On Wed, Sep 30, 2015 at 05:12:53PM +0200, Tim Wilson-Brown - teor wrote:
Hi All,
Do you know a use case which needs Single Onion Services and NAT punching?
We’re wondering if there are mobile or desktop applications / services that would use a single onion service for the performance benefits, but still need NAT punching. (And don’t need the anonymity of a hidden service.)
Single Onion Services:
- can’t do NAT punching, (they need an ORPort on a publicly accessible IP address),
- locations are easier to discover, and
- have lower latency.
Note that we considered making the single-onion services proposal (Tor Proposal 252) include a NAT punching option. We didn't for a few reasons.
1. Get the proposal out there. We can always add other protocols either as part of the proposal or in a new one.
2. Double-onion services already provide NAT punching. The performance delta of a sesqui-onion service (onion circuit on one side, roughly half an onion circuit on the other) is not as significant as for plain single-onion services and so yet another protocol to design, maintain, keep compatible, be a counter to new design innovations might not be worth it.
3. Most importantly, Tor generally follows the onion routing philosophy of making trade-offs that make more users more secure with an eye to making the most vulnerable or sensitive the norm.
On the one hand this means things like building for interactive circuits w/ relatively low latency. This is in theory less secure than, e.g., mix based remailers against global external observing and partial relay compromising adversaries. But in practice this leads to much larger networks (making it harder to be global) and leads to millions vs. hundreds of users with greater diversity of use motivation and behavior (making the fact of usage less interesting of itself to adversaries). Cf. my "Why I'm Not An Entropist".

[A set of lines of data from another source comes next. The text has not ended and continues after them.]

(* Let $X:[0,S]\to\mathbb R$ be any function, $c>0$, $m_0\ge0$ an integer, and let $\Pi_n=\{t_0,\dots,t_n\}$ with $0\le t_0<t_1<\dots<t_n\le S$. Let $N_0\ge m_0$ be such that $J_m=\emptyset$ for all $m\ge N_0$, and let $N\ge N_0$, $N>m_0$. Then $$\sum_{i=1}^n(|X(t_i)-X(t_{i-1})|-c)_+\le V_1+V_2+W_1+W_2+\sum_{i=1}^n\sum_{s\in\{i-1,i\}}|X(t_s)-X(t_s^{N+1})|,$$ where $V_1=\sum_{m=0}^{m_0}\sum_{i\in J_m}\sum_{l=m+1}^{m_0}\sum_{s\in\{i-1,i\}}|X(t_s^l)-X(t_s^{l+1})|$, $W_1=\sum_{m=0}^{m_0}\sum_{i\in J_m}|X(t_i^{m+1})-X(t_{i-1}^{m+1})|$, $V_2=\sum_{m=0}^{\infty}\sum_{i\in J_m}\sum_{l=\bar m+1}^{N}\sum_{s\in\{i-1,i\}}\left(|X(t_s^l)-X(t_s^{l+1})|-2^{-l+\bar m}\frac c3\right)_+$, $W_2=\sum_{m=m_0+1}^{\infty}\sum_{i\in J_m}\left(|X(t_i^{m+1})-X(t_{i-1}^{m+1})|-\frac c3\right)_+$.
   Context: Fix $S>0$, $q\in(0,1)$, $d(s,t)=|s-t|^q$ on $[0,S]$, and $r\ge4$. For $n\ge0$ let $T_n=\{kr^{-n/q}S:k=0,1,2,\dots\}\cap[0,S]$ and $\pi_n(t)=\max\{s\in T_n:s\le t\}$ for $t\in[0,S]$. For the partition $\Pi_n$ and $m=0,1,2,\dots$ let $J_m=\{i\in\{1,\dots,n\}:r^{-m-1}S^q<d(t_{i-1},t_i)\le r^{-m}S^q\}$. Given $N$, define $t_i^{N+1}=\pi_{N+1}(t_i)$ and recursively $t_i^l=\pi_l(t_i^{l+1})$ for $l=N,N-1,\dots,0$, $i=0,\dots,n$. Write $\bar m=\max\{m,m_0\}$ and $x_+=\max\{x,0\}$. *)

From Stdlib Require Import Reals Lra Lia List.
Open Scope R_scope.

(* sum_range lo hi f = f lo + ... + f hi  (0 if hi < lo) *)
Definition sum_range (lo hi : nat) (f : nat -> R) : R :=
  fold_right (fun k acc => f k + acc) 0 (seq lo (S hi - lo)).

Definition pos_part (x : R) : R := Rmax x 0.

Definition dist_q (q s t : R) : R := Rpower (Rabs (s - t)) q.

Definition in_T (Sx q r : R) (n : nat) (s : R) : Prop :=
  (exists k : nat, s = INR k * Rpower r (- INR n / q) * Sx) /\ 0 <= s <= Sx.

Definition is_pi (Sx q r : R) (n : nat) (t p : R) : Prop :=
  in_T Sx q r n p /\ p <= t /\ (forall s, in_T Sx q r n s -> s <= t -> s <= p).

Definition J_lo (Sx q r : R) (m : nat) : R := Rpower Sx q / r ^ (S m).
Definition J_hi (Sx q r : R) (m : nat) : R := Rpower Sx q / r ^ m.

(* boolean membership i ∈ J_m for the partition t (range 1..n handled by sums) *)
Definition in_Jb (Sx q r : R) (t : nat -> R) (m i : nat) : bool :=
  if Rlt_dec (J_lo Sx q r m) (dist_q q (t (pred i)) (t i)) then
    if Rle_dec (dist_q q (t (pred i)) (t i)) (J_hi Sx q r m) then true else false
  else false.

Definition sum_J (Sx q r : R) (t : nat -> R) (n m : nat) (f : nat -> R) : R :=
  sum_range 1 n (fun i => if in_Jb Sx q r t m i then f i else 0).

Fixpoint down (pi : nat -> R -> R) (j top : nat) (y : R) : R :=
  match j with
  | O => y
  | S j' => pi (top - S j')%nat (down pi j' top y)
  end.

(* t^l for x = t_i: t^{N+1} = pi_{N+1}(x), t^l = pi_l(t^{l+1}) for l <= N *)
Definition tlev (pi : nat -> R -> R) (N : nat) (x : R) (l : nat) : R :=
  down pi (S N - l) (S N) (pi (S N) x).

Definition sum_s (i : nat) (g : nat -> R) : R := g (pred i) + g i.

From Stdlib Require Import Reals Lra Lia List.
Open Scope R_scope.

(* Each increment [t_{i-1}, t_i] of the partition has a d-length
   lying in exactly one class J_m, and m < N0 by hypothesis.  Link X(t_{i-1})
   to X(t_i) along the chain
     t_{i-1}, t_{i-1}^{N+1}, ..., t_{i-1}^{m+1}, t_i^{m+1}, ..., t_i^{N+1}, t_i;
   by the triangle inequality |X t_i - X t_{i-1}| is at most the two end
   errors, the bridge |X t_i^{m+1} - X t_{i-1}^{m+1}| and the variations of the
   two chains.  The threshold c is split into thirds: the links of each chain
   at levels l > k = max(m, m0) give up the weights 2^{k-l} c/3, whose total is
   at most c/3 (geometric series), and the bridge gives up the last c/3.  When
   m <= m0 the bridge and the links at levels m+1..m0 are kept in full (V1, W1);
   when m > m0 only positive parts remain (V2, W2).  Summing this estimate over
   the increments and exchanging the sums over i and m gives the theorem.
   The estimate holds for arbitrary chains. *)

Definition lsum (l : list nat) (f : nat -> R) : R :=
  fold_right (fun k acc => f k + acc) 0 l.

Lemma sum_range_lsum (lo hi : nat) (f : nat -> R) :
  sum_range lo hi f = lsum (seq lo (S hi - lo)) f.
Proof. reflexivity. Qed.

Lemma lsum_app (l1 l2 : list nat) (f : nat -> R) :
  lsum (l1 ++ l2) f = lsum l1 f + lsum l2 f.
Proof. induction l1 as [|k l1 IH]; simpl; [lra | rewrite IH; lra]. Qed.

Lemma lsum_plus (l : list nat) (f g : nat -> R) :
  lsum l (fun k => f k + g k) = lsum l f + lsum l g.
Proof. induction l as [|k l IH]; simpl; [lra | rewrite IH; lra]. Qed.

Lemma lsum_le (l : list nat) (f g : nat -> R) :
  (forall k, In k l -> f k <= g k) -> lsum l f <= lsum l g.
Proof.
  induction l as [|k l IH]; simpl; intros H; [lra |].
  pose proof (H k (or_introl eq_refl)).
  assert (lsum l f <= lsum l g) by (apply IH; auto). lra.
Qed.

Lemma lsum_nonneg (l : list nat) (f : nat -> R) :
  (forall k, In k l -> 0 <= f k) -> 0 <= lsum l f.
Proof.
  induction l as [|k l IH]; simpl; intros H; [lra |].
  pose proof (H k (or_introl eq_refl)).
  assert (0 <= lsum l f) by (apply IH; auto). lra.
Qed.

Lemma lsum_term (l : list nat) (f : nat -> R) (k : nat) :
  In k l -> (forall j, In j l -> 0 <= f j) -> f k <= lsum l f.
Proof.
  induction l as [|a l IH]; simpl; intros Hk H; [contradiction |].
  pose proof (H a (or_introl eq_refl)).
  assert (0 <= lsum l f) by (apply lsum_nonneg; auto).
  destruct Hk as [<- | Hk]; [lra |].
  assert (f k <= lsum l f) by (apply IH; auto). lra.
Qed.

Lemma lsum_swap (l1 l2 : list nat) (g : nat -> nat -> R) :
  lsum l1 (fun m => lsum l2 (g m)) = lsum l2 (fun i => lsum l1 (fun m => g m i)).
Proof.
  induction l1 as [|a l1 IH]; simpl.
  - induction l2 as [|b l2 IH2]; simpl; [reflexivity | rewrite <- IH2; lra].
  - rewrite IH, <- lsum_plus. reflexivity.
Qed.

Lemma sum_range_swap (a b c d : nat) (g : nat -> nat -> R) :
  sum_range a b (fun m => sum_range c d (g m)) =
  sum_range c d (fun i => sum_range a b (fun m => g m i)).
Proof. apply lsum_swap. Qed.

Lemma sum_range_plus (a b : nat) (f g : nat -> R) :
  sum_range a b (fun k => f k + g k) = sum_range a b f + sum_range a b g.
Proof. apply lsum_plus. Qed.

Lemma sum_range_le (a b : nat) (f g : nat -> R) :
  (forall k, (a <= k <= b)%nat -> f k <= g k) -> sum_range a b f <= sum_range a b g.
Proof. intros H. apply lsum_le. intros k Hk. apply in_seq in Hk. apply H. lia. Qed.

Lemma sum_range_nonneg (a b : nat) (f : nat -> R) :
  (forall k, 0 <= f k) -> 0 <= sum_range a b f.
Proof. intros H. apply lsum_nonneg. intros k _. apply H. Qed.

Lemma sum_range_term (a b k : nat) (f : nat -> R) :
  (a <= k <= b)%nat -> (forall j, 0 <= f j) -> f k <= sum_range a b f.
Proof. intros Hk H. apply lsum_term; [apply in_seq; lia | intros j _; apply H]. Qed.

Lemma sum_range_split (lo mid hi : nat) (f : nat -> R) :
  (lo <= S mid)%nat -> (mid <= hi)%nat ->
  sum_range lo hi f = sum_range lo mid f + sum_range (S mid) hi f.
Proof.
  intros H1 H2. rewrite !sum_range_lsum.
  replace (S hi - lo)%nat with ((S mid - lo) + (S hi - S mid))%nat by lia.
  rewrite seq_app, lsum_app.
  replace (lo + (S mid - lo))%nat with (S mid) by lia. reflexivity.
Qed.

Definition class_sum (P : nat -> bool) (a b : nat) (F : nat -> R) : R :=
  sum_range a b (fun k => if P k then F k else 0).

Lemma class_sum_nonneg (P : nat -> bool) (a b : nat) (F : nat -> R) :
  (forall k, 0 <= F k) -> 0 <= class_sum P a b F.
Proof. intros H. apply sum_range_nonneg. intros k. destruct (P k); [apply H | lra]. Qed.

Lemma class_sum_term (P : nat -> bool) (a b m : nat) (F : nat -> R) :
  (a <= m <= b)%nat -> P m = true -> (forall k, 0 <= F k) ->
  F m <= class_sum P a b F.
Proof.
  intros Hm HP H.
  replace (F m) with ((fun k => if P k then F k else 0) m) by (rewrite HP; reflexivity).
  apply (sum_range_term a b m (fun k => if P k then F k else 0)); [exact Hm |]. intros k. destruct (P k); [apply H | lra].
Qed.

Lemma pos_part_ge0 (x : R) : 0 <= pos_part x.
Proof. apply Rmax_r. Qed.

Lemma pos_part_ge (x : R) : x <= pos_part x.
Proof. apply Rmax_l. Qed.

Lemma telescope (y : nat -> R) (j lo : nat) :
  Rabs (y (lo + j)%nat - y lo) <= lsum (seq lo j) (fun l => Rabs (y l - y (S l))).
Proof.
  revert lo; induction j as [|j IH]; intros lo; simpl.
  - rewrite Nat.add_0_r, Rminus_diag, Rabs_R0. lra.
  - specialize (IH (S lo)). replace (lo + S j)%nat with (S lo + j)%nat by lia.
    pose proof (Rabs_triang (y (S lo + j)%nat - y (S lo)) (y (S lo) - y lo)) as T.
    replace (y (S lo + j)%nat - y (S lo) + (y (S lo) - y lo))
      with (y (S lo + j)%nat - y lo) in T by ring.
    rewrite (Rabs_minus_sym (y (S lo))) in T. lra.
Qed.

Lemma sum_range_telescope (y : nat -> R) (m N : nat) : (m <= N)%nat ->
  Rabs (y (S N) - y (S m)) <= sum_range (S m) N (fun l => Rabs (y l - y (S l))).
Proof.
  intros H. rewrite sum_range_lsum. pose proof (telescope y (S N - S m) (S m)) as T.
  replace (S m + (S N - S m))%nat with (S N) in T by lia. exact T.
Qed.

Lemma geometric_weights (k j : nat) (C : R) :
  lsum (seq (S k) j) (fun l => 2 ^ k / 2 ^ l * C) = C * (1 - / 2 ^ j).
Proof.
  induction j as [|j IH].
  - simpl. field.
  - rewrite seq_S, lsum_app, IH. simpl.
    replace (S (k + j)) with (S k + j)%nat by lia.
    rewrite pow_add. simpl.
    assert (2 ^ k <> 0) by (apply pow_nonzero; lra).
    assert (2 ^ j <> 0) by (apply pow_nonzero; lra).
    field. auto.
Qed.

Lemma geometric_weights_le (k N : nat) (C : R) : 0 <= C ->
  sum_range (S k) N (fun l => 2 ^ k / 2 ^ l * C) <= C.
Proof.
  intros HC. rewrite sum_range_lsum, geometric_weights.
  assert (0 < / 2 ^ (S N - S k)) by (apply Rinv_0_lt_compat, pow_lt; lra).
  nra.
Qed.

Lemma excess_bound (a : nat -> R) (k N : nat) (c : R) : 0 < c ->
  sum_range (S k) N a <=
  sum_range (S k) N (fun l => pos_part (a l - 2 ^ k / 2 ^ l * (c / 3))) + c / 3.
Proof.
  intros Hc.
  apply Rle_trans with (sum_range (S k) N
    (fun l => pos_part (a l - 2 ^ k / 2 ^ l * (c / 3)) + 2 ^ k / 2 ^ l * (c / 3))).
  - apply sum_range_le. intros l _.
    pose proof (pos_part_ge (a l - 2 ^ k / 2 ^ l * (c / 3))). lra.
  - rewrite sum_range_plus. pose proof (geometric_weights_le k N (c / 3)). lra.
Qed.

Section Chains.

(* Two chains of values y0 l, y1 l (l = levels) approximating x0 and x1. *)
Variables (x0 x1 : R) (y0 y1 : nat -> R).

Definition chain_sum (lo hi : nat) : R :=
  sum_range lo hi (fun l => Rabs (y0 l - y0 (S l)) + Rabs (y1 l - y1 (S l))).

Definition excess_sum (c : R) (k N : nat) : R :=
  sum_range (S k) N (fun l =>
      pos_part (Rabs (y0 l - y0 (S l)) - 2 ^ k / 2 ^ l * (c / 3))
    + pos_part (Rabs (y1 l - y1 (S l)) - 2 ^ k / 2 ^ l * (c / 3))).

Lemma chain_sum_nonneg (lo hi : nat) : 0 <= chain_sum lo hi.
Proof.
  apply sum_range_nonneg. intros l.
  pose proof (Rabs_pos (y0 l - y0 (S l))). pose proof (Rabs_pos (y1 l - y1 (S l))). lra.
Qed.

Lemma excess_sum_nonneg (c : R) (k N : nat) : 0 <= excess_sum c k N.
Proof.
  apply sum_range_nonneg. intros l.
  apply Rplus_le_le_0_compat; apply pos_part_ge0.
Qed.

Lemma chain_excess (c : R) (k N : nat) : 0 < c ->
  chain_sum (S k) N <= excess_sum c k N + 2 * (c / 3).
Proof.
  intros Hc. unfold chain_sum, excess_sum. rewrite !sum_range_plus.
  pose proof (excess_bound (fun l => Rabs (y0 l - y0 (S l))) k N c Hc).
  pose proof (excess_bound (fun l => Rabs (y1 l - y1 (S l))) k N c Hc).
  lra.
Qed.

Lemma chain_triangle (m N : nat) : (m <= N)%nat ->
  Rabs (x1 - x0) <= Rabs (x0 - y0 (S N)) + Rabs (x1 - y1 (S N))
                    + Rabs (y1 (S m) - y0 (S m)) + chain_sum (S m) N.
Proof.
  intros H. unfold chain_sum. rewrite sum_range_plus.
  pose proof (sum_range_telescope y0 m N H). pose proof (sum_range_telescope y1 m N H).
  pose proof (Rabs_triang (x1 - y1 (S N)) (y1 (S N) - y1 (S m))).
  pose proof (Rabs_triang (x1 - y1 (S N) + (y1 (S N) - y1 (S m))) (y1 (S m) - y0 (S m))).
  pose proof (Rabs_triang (x1 - y1 (S N) + (y1 (S N) - y1 (S m)) + (y1 (S m) - y0 (S m)))
                          (y0 (S m) - y0 (S N))).
  pose proof (Rabs_triang (x1 - y1 (S N) + (y1 (S N) - y1 (S m)) + (y1 (S m) - y0 (S m))
                           + (y0 (S m) - y0 (S N))) (y0 (S N) - x0)).
  replace (x1 - y1 (S N) + (y1 (S N) - y1 (S m)) + (y1 (S m) - y0 (S m))
           + (y0 (S m) - y0 (S N)) + (y0 (S N) - x0)) with (x1 - x0) in * by ring.
  rewrite (Rabs_minus_sym (y0 (S m))), (Rabs_minus_sym (y0 (S N)) x0) in *. lra.
Qed.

On the other hand, we made the circuits use three relays. Most users would most of the time likely be fine with a one-relay circuit. By this I mean that an adversary that actually intends to do something that is harmful to them intentionally or collaterally is likely countered by a one-relay circuit, which would have a significant performance impact. But this would mean that the users who do need and use three-relay circuits would be much more rare and interesting, easy to separate out, etc. Also the relays themselves become more valuable to compromise (or set up your own, or bridge by owning the ISP) to an adversary, which increases threat to the network itself. For these and other reasons the default for tor circuits has three relays.
Now let's apply this worldview to the sesqui-onion NAT punching case. In a world with single-onion services and double-onion services, this is splitting off the double-onion anonymity set rather than the single-onion set, regardless of what Tor Proposal the protocol is in. So, the users that do require the server location protection that double-onion services provide becomes a much smaller fraction making them more likely interesting/worth pursuing/easier to identify/less plausibly able to claim they only wanted to have better circuit authentication/etc. than if the sesqui-onion services were not an equally easy option to set up.
Also, given at best ambiguously user-understood threat environments, and the well-documented tendency to choose in practice performance/ease against hyperbolic discounting of threats for using encryption and other security measures, we can assume that many will opt for the better performing choice of sesqui-onion services when perhaps they should not have. All the more so in the less-easily understood case of onion services vs. plain client-to-public-destination Tor use. Similar also to the one vs. three relay option, pwning relays by any of the means mentioned two paragraphs above makes it more effective to identify onion services in the sesqui-onion case. Thus putting additional threat pressure on the network itself. (I recognize similar things could be said of single vs. double onion services in general. I have some responses there, but I am already going on overly long as usual.)
These to me are counter-arguments to the advantages of a NAT punching sesqui-onion protocol. I don't question the many clear advantages of having such a protocol. But to me the above make it too great a trade-off to develop them for easy deployment. I don't think the answers concerning this trade-off are just obvious. So I encourage continued examples and discussions of their use. But I would like to be convinced that they outweigh the above (and possibly other examples of) trade-offs before I would support their development and promotion.